== Required action ==
Everything from the line with "(forall v, v" to the end of the data should be restated word for word, and nothing before it.

== Material shown ==
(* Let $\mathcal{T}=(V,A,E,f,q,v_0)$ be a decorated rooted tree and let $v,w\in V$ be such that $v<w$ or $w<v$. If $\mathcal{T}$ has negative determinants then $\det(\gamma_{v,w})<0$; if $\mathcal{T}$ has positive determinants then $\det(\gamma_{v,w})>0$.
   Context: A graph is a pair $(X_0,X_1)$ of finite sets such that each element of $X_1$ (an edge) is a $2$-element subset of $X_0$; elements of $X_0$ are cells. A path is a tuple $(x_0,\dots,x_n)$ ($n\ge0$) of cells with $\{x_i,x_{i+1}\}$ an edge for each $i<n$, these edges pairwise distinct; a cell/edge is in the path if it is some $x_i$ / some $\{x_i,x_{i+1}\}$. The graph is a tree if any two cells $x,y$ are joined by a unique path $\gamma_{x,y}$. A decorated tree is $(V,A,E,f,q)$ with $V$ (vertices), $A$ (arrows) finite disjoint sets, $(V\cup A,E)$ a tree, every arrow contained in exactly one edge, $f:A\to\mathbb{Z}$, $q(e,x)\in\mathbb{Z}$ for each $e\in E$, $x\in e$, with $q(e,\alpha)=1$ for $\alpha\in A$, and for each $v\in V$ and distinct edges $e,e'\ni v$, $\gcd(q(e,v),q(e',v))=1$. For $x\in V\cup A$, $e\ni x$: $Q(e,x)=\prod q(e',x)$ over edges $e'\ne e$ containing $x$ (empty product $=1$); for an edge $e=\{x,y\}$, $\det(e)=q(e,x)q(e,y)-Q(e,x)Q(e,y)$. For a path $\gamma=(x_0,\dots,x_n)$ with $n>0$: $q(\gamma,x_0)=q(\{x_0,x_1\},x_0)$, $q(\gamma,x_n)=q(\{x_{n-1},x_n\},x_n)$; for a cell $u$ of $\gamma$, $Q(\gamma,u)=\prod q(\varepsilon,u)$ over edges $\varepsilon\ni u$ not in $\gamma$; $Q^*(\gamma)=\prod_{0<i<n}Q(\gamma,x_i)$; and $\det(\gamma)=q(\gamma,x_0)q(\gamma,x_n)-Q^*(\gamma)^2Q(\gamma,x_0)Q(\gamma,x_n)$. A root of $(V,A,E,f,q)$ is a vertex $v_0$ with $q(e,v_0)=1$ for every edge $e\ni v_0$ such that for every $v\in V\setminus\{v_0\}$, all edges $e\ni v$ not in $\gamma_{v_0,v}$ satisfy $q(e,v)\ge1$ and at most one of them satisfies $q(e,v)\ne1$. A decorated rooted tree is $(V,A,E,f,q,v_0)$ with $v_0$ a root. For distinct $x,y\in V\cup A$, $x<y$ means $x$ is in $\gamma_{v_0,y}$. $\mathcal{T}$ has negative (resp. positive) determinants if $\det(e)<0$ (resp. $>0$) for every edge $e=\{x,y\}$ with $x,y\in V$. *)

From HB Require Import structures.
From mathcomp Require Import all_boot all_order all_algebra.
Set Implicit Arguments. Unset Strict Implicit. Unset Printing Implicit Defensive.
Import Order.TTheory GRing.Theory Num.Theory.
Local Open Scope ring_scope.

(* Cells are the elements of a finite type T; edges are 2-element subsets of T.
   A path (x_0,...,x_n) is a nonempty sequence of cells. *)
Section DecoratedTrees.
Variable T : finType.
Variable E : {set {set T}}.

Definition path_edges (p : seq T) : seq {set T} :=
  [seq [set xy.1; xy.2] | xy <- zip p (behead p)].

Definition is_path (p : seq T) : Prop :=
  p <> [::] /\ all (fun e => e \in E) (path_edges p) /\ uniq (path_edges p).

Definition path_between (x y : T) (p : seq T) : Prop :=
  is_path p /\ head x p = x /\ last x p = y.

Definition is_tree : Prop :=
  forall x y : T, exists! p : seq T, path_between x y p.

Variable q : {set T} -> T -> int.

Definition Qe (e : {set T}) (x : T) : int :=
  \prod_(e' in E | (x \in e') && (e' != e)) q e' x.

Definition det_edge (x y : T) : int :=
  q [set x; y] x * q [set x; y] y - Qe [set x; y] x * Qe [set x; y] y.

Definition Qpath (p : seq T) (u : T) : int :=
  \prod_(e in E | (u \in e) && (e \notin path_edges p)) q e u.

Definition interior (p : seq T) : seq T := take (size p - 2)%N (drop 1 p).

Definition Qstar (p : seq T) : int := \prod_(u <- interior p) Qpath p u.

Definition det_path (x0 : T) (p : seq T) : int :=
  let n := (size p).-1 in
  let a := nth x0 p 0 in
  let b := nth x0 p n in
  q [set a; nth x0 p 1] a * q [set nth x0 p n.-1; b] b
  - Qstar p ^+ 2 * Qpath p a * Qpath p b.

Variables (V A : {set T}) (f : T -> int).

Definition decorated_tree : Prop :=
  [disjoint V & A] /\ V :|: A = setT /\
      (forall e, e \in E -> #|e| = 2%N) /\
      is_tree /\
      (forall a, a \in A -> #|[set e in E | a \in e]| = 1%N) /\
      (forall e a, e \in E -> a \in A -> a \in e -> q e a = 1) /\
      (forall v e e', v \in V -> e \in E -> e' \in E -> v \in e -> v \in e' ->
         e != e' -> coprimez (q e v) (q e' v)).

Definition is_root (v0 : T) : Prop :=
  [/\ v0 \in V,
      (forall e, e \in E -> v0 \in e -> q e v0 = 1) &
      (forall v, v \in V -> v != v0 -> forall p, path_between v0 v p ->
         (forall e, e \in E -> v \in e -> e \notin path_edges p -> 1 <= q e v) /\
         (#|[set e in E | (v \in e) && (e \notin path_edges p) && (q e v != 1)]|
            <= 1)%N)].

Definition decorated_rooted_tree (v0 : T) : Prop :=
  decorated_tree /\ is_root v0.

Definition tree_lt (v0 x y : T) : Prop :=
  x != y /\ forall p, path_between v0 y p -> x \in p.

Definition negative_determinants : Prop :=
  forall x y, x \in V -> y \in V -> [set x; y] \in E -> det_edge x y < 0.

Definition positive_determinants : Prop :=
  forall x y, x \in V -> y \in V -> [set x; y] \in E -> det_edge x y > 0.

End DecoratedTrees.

== Expected answer ==
      (forall v, v \in V -> v != v0 -> forall p, path_between v0 v p ->
         (forall e, e \in E -> v \in e -> e \notin path_edges p -> 1 <= q e v) /\
         (#|[set e in E | (v \in e) && (e \notin path_edges p) && (q e v != 1)]|
            <= 1)%N)].

Definition decorated_rooted_tree (v0 : T) : Prop :=
  decorated_tree /\ is_root v0.

Definition tree_lt (v0 x y : T) : Prop :=
  x != y /\ forall p, path_between v0 y p -> x \in p.

Definition negative_determinants : Prop :=
  forall x y, x \in V -> y \in V -> [set x; y] \in E -> det_edge x y < 0.

Definition positive_determinants : Prop :=
  forall x y, x \in V -> y \in V -> [set x; y] \in E -> det_edge x y > 0.

End DecoratedTrees.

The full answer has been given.